====== Input ======

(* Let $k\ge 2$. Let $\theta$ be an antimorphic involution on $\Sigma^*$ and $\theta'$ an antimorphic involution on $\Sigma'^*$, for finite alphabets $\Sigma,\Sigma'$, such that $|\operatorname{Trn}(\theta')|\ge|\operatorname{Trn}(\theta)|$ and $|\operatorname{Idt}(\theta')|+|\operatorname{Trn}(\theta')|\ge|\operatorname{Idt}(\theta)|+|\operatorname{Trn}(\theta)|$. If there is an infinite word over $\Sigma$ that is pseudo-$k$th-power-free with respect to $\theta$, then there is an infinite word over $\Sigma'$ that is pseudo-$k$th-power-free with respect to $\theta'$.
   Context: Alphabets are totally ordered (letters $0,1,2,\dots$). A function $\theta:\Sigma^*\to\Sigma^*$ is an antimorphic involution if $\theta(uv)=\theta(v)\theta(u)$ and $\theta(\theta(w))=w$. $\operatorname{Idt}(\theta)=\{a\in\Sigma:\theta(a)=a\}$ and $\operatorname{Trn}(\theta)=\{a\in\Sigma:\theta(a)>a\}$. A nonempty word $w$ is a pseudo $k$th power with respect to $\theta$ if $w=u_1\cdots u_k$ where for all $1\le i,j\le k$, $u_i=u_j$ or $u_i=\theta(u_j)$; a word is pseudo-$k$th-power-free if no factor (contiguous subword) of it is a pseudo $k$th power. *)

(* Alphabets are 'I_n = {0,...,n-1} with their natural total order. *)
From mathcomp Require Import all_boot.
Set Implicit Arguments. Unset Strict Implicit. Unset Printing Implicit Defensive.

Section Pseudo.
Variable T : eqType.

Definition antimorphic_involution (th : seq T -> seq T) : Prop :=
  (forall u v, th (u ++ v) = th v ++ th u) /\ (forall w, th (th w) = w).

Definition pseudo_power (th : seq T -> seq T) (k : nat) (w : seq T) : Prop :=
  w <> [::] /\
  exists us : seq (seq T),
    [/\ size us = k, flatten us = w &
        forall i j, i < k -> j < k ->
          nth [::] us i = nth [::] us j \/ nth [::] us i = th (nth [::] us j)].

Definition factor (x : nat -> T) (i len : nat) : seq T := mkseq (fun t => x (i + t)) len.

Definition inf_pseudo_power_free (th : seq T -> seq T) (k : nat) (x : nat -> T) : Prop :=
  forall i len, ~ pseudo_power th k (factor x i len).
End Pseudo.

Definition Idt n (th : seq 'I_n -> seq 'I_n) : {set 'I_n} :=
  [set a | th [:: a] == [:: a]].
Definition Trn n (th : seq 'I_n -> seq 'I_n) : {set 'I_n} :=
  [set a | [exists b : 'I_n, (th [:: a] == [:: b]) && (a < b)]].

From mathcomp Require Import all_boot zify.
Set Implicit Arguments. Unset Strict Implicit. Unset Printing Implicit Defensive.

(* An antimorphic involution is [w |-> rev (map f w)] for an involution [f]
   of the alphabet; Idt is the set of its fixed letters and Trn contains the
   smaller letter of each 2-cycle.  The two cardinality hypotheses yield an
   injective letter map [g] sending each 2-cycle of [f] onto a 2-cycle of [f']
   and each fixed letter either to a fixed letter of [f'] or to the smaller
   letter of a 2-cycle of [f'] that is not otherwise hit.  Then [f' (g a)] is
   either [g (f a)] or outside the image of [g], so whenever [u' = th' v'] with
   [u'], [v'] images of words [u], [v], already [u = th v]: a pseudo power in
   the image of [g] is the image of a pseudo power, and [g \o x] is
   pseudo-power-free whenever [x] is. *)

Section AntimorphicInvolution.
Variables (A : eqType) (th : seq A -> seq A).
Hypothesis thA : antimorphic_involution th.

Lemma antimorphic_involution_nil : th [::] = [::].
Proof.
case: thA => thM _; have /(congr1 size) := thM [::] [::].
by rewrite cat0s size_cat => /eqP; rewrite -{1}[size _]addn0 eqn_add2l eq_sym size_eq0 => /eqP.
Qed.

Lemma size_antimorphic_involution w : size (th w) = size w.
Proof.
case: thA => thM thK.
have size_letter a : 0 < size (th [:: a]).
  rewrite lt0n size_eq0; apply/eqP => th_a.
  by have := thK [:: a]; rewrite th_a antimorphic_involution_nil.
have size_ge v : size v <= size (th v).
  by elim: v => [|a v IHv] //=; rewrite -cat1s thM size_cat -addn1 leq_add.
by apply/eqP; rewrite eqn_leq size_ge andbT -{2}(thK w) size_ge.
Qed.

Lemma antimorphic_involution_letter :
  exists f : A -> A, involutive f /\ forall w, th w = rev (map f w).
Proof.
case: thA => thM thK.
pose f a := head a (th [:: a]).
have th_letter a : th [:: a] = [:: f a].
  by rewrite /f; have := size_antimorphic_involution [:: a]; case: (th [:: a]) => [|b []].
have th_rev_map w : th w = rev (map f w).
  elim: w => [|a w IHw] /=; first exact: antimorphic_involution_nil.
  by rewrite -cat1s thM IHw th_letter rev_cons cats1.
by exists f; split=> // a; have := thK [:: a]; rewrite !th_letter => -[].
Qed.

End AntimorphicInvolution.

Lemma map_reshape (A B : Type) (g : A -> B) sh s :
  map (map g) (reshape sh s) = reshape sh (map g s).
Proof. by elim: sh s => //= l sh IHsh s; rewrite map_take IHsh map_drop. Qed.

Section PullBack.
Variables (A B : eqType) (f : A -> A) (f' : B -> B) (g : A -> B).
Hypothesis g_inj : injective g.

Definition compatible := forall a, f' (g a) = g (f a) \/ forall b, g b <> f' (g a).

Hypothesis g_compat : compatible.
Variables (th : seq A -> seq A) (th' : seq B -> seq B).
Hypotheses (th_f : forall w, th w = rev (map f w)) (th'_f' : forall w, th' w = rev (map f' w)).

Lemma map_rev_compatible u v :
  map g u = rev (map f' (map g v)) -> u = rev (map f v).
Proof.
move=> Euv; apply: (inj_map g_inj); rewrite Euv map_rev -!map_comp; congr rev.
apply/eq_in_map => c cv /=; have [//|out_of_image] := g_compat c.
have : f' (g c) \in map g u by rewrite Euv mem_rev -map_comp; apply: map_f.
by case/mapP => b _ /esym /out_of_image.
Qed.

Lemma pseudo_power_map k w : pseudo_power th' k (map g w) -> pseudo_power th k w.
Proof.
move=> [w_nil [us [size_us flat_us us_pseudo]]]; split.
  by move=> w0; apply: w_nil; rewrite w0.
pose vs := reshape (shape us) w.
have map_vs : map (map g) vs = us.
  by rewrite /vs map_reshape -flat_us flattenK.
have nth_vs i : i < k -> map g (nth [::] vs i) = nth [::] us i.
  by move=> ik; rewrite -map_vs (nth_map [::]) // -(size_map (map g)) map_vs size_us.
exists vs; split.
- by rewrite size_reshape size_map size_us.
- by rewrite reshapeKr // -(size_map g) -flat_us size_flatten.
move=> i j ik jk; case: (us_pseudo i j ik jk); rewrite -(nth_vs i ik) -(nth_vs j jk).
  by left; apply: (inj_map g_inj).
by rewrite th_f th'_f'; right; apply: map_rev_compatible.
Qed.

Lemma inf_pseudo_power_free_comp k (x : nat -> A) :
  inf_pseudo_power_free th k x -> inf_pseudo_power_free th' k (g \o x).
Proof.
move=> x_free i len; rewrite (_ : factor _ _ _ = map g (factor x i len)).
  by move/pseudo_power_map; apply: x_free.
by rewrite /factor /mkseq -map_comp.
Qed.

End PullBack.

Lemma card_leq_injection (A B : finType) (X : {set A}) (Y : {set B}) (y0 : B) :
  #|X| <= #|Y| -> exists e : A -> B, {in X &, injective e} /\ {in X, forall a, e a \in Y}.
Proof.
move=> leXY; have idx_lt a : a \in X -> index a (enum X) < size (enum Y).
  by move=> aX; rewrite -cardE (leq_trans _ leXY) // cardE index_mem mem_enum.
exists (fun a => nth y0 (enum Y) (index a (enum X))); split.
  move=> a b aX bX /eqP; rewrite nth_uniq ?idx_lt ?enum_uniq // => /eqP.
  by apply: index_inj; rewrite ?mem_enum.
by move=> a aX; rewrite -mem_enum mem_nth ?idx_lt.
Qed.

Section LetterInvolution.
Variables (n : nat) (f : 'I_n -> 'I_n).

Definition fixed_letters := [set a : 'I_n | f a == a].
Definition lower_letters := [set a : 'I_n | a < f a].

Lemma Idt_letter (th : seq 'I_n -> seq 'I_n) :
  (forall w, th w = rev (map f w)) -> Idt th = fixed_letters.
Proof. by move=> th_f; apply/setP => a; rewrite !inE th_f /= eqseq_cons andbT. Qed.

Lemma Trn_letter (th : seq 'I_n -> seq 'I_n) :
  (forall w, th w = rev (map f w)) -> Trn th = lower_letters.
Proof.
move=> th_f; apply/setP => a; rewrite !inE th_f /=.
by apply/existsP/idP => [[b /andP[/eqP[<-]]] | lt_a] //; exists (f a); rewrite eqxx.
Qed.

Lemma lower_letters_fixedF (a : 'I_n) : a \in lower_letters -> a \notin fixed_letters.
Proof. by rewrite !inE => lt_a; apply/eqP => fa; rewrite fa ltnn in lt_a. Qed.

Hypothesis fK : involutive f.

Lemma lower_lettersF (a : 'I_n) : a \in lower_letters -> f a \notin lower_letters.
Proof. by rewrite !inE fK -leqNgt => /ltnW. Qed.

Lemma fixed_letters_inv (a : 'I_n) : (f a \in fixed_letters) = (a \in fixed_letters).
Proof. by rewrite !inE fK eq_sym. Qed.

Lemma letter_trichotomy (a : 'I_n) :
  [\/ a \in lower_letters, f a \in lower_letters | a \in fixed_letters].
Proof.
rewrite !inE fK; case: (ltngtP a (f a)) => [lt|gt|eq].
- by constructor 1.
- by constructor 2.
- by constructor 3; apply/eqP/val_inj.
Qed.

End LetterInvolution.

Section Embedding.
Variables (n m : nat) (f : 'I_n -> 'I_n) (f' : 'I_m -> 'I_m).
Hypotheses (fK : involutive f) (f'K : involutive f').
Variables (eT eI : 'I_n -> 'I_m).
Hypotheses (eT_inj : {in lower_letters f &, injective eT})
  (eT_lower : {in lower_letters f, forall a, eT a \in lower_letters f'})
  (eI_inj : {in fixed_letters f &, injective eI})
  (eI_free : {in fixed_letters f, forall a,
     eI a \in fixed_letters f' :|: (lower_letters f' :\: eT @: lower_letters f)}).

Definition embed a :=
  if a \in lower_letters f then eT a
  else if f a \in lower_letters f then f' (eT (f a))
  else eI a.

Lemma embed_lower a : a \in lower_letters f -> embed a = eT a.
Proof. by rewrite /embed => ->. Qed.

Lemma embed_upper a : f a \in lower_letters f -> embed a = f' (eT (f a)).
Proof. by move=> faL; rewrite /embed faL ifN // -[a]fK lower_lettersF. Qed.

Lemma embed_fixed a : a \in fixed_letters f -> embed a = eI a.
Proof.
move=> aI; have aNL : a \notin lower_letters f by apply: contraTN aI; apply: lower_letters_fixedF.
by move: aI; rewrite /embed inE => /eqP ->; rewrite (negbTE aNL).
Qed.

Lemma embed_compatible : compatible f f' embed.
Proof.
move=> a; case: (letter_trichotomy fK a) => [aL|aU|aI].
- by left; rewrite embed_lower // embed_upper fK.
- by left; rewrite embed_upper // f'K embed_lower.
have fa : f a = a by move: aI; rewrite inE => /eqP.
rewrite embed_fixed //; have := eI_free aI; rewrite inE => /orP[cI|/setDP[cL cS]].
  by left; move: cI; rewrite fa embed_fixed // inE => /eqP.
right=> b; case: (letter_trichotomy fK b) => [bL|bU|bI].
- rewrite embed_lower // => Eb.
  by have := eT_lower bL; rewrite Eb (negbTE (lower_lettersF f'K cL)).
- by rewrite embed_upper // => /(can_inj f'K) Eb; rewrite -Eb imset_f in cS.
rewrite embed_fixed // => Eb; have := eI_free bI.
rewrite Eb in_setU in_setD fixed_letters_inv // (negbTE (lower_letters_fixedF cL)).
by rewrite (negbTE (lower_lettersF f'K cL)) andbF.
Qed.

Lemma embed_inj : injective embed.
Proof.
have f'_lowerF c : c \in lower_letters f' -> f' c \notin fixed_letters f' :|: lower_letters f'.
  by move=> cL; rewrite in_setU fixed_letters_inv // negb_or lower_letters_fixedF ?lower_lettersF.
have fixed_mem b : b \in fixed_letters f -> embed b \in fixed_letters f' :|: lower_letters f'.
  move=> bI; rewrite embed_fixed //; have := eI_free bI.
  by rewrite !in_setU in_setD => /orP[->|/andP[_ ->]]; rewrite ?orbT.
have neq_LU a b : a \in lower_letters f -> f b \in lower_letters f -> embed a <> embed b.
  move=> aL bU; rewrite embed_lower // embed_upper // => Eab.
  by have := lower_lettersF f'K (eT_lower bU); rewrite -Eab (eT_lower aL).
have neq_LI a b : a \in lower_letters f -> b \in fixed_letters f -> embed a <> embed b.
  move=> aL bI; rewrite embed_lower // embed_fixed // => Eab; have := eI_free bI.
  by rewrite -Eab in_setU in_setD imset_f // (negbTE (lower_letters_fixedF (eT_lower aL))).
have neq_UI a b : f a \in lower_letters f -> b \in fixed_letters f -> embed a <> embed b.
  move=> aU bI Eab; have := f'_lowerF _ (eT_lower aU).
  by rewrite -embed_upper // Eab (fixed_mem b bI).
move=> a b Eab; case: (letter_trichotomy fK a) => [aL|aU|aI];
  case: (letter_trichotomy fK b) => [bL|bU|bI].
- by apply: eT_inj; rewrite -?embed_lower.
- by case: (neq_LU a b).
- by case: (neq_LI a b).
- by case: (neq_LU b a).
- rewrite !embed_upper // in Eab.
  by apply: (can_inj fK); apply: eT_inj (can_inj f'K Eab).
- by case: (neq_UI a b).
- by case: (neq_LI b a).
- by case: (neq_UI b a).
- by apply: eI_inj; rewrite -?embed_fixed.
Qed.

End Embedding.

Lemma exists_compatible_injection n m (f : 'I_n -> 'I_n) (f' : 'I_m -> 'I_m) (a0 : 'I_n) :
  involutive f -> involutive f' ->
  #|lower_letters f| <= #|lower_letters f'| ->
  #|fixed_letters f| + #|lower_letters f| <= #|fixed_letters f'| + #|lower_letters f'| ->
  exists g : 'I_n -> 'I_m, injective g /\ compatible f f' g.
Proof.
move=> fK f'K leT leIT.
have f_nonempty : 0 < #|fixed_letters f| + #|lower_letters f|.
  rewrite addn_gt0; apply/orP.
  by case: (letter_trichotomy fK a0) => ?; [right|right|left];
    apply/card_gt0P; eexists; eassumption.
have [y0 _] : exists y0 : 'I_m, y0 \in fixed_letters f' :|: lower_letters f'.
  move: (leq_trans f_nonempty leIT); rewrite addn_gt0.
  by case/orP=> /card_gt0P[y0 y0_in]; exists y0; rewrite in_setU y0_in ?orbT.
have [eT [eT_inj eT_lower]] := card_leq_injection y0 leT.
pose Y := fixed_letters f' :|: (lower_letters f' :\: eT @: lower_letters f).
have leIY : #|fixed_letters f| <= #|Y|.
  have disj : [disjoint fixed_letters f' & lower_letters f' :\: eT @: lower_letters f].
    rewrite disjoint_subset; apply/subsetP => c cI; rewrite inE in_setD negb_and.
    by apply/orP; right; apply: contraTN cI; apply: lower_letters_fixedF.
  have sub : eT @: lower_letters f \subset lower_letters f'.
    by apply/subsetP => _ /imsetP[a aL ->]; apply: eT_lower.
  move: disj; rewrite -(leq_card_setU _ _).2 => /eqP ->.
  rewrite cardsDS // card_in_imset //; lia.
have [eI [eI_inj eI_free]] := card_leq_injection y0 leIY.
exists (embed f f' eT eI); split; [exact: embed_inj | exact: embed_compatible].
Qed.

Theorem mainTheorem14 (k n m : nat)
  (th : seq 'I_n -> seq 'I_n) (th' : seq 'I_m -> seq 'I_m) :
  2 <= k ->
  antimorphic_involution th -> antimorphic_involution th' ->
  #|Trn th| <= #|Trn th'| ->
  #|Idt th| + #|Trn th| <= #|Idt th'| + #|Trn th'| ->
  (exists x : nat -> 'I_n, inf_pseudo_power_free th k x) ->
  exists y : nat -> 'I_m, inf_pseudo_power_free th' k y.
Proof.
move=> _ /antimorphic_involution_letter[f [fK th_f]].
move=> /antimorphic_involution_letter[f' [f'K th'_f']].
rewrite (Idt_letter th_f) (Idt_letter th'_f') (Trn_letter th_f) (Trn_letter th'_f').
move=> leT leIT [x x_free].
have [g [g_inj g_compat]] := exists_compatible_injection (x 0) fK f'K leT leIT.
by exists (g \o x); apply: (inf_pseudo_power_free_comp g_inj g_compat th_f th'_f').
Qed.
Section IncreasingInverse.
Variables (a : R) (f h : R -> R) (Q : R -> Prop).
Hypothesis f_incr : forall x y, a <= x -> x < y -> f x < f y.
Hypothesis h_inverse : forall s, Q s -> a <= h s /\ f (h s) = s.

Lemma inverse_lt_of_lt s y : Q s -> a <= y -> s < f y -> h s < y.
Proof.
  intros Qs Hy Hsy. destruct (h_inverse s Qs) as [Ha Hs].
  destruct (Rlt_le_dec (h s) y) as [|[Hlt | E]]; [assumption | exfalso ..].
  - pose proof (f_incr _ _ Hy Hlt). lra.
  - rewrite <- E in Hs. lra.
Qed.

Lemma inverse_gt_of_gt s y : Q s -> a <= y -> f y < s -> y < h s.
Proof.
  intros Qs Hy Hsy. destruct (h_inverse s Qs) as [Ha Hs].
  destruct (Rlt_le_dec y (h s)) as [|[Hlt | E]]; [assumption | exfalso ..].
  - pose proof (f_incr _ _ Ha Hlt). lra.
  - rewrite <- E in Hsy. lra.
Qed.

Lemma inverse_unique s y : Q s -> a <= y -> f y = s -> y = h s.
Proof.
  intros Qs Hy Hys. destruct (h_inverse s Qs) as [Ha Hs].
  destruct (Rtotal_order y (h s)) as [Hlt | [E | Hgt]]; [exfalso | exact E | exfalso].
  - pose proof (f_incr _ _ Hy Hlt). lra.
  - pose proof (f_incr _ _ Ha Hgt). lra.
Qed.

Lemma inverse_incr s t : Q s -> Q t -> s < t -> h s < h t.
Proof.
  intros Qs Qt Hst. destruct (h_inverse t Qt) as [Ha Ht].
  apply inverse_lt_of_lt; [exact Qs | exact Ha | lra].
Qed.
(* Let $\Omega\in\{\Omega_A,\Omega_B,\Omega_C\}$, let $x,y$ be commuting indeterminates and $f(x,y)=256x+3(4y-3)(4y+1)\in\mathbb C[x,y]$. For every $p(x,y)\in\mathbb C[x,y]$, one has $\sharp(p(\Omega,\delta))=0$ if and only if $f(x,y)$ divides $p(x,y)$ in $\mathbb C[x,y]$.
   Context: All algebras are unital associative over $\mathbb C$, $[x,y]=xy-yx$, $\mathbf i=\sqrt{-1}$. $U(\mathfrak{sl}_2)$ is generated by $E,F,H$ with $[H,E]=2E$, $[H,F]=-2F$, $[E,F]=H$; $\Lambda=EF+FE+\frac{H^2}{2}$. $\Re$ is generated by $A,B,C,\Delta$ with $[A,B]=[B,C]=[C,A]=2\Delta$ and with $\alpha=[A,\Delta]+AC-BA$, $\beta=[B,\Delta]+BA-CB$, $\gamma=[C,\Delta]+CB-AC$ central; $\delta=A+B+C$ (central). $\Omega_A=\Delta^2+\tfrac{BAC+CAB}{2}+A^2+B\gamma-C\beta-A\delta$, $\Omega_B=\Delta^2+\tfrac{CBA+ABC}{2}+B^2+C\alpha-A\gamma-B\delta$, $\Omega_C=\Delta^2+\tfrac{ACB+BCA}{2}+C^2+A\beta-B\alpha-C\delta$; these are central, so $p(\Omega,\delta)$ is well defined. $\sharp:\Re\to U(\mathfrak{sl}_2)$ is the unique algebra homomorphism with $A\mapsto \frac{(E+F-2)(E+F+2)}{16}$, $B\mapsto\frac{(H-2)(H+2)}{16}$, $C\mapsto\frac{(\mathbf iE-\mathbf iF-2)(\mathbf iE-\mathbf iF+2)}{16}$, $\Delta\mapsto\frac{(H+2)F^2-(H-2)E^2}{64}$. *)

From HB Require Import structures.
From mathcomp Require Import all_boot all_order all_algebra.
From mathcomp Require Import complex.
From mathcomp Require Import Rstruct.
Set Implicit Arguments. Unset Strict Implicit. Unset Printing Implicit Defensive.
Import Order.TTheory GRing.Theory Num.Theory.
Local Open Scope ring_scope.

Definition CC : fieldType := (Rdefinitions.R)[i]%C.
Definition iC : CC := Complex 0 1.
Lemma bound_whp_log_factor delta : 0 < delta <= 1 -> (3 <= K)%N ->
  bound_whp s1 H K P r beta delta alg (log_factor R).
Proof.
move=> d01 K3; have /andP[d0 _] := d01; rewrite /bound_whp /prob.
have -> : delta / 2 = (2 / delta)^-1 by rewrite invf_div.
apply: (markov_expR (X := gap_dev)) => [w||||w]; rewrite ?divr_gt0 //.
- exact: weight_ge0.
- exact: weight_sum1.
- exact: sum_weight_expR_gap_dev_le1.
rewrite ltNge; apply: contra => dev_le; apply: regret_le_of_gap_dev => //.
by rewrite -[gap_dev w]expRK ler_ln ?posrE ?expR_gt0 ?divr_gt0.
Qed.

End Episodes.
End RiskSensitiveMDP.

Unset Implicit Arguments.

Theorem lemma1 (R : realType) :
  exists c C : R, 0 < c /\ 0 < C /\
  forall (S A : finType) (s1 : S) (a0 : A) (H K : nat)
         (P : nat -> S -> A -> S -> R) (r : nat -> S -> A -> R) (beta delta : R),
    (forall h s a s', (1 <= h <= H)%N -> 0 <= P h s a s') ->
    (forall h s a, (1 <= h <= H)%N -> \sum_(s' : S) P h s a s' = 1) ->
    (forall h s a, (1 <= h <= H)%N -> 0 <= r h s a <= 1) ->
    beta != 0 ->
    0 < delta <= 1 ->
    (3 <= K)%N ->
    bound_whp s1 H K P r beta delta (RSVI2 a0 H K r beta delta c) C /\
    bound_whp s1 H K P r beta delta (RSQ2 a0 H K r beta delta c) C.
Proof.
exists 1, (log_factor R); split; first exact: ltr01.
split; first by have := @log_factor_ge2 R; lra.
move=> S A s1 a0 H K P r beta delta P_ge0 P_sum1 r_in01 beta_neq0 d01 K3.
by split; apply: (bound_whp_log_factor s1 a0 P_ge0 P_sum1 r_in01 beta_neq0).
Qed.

======

Every line in the data that holds the string "Section" should be copied.

Section Pseudo.
Section AntimorphicInvolution.
Section PullBack.
Section LetterInvolution.
Section Embedding.
Section IncreasingInverse.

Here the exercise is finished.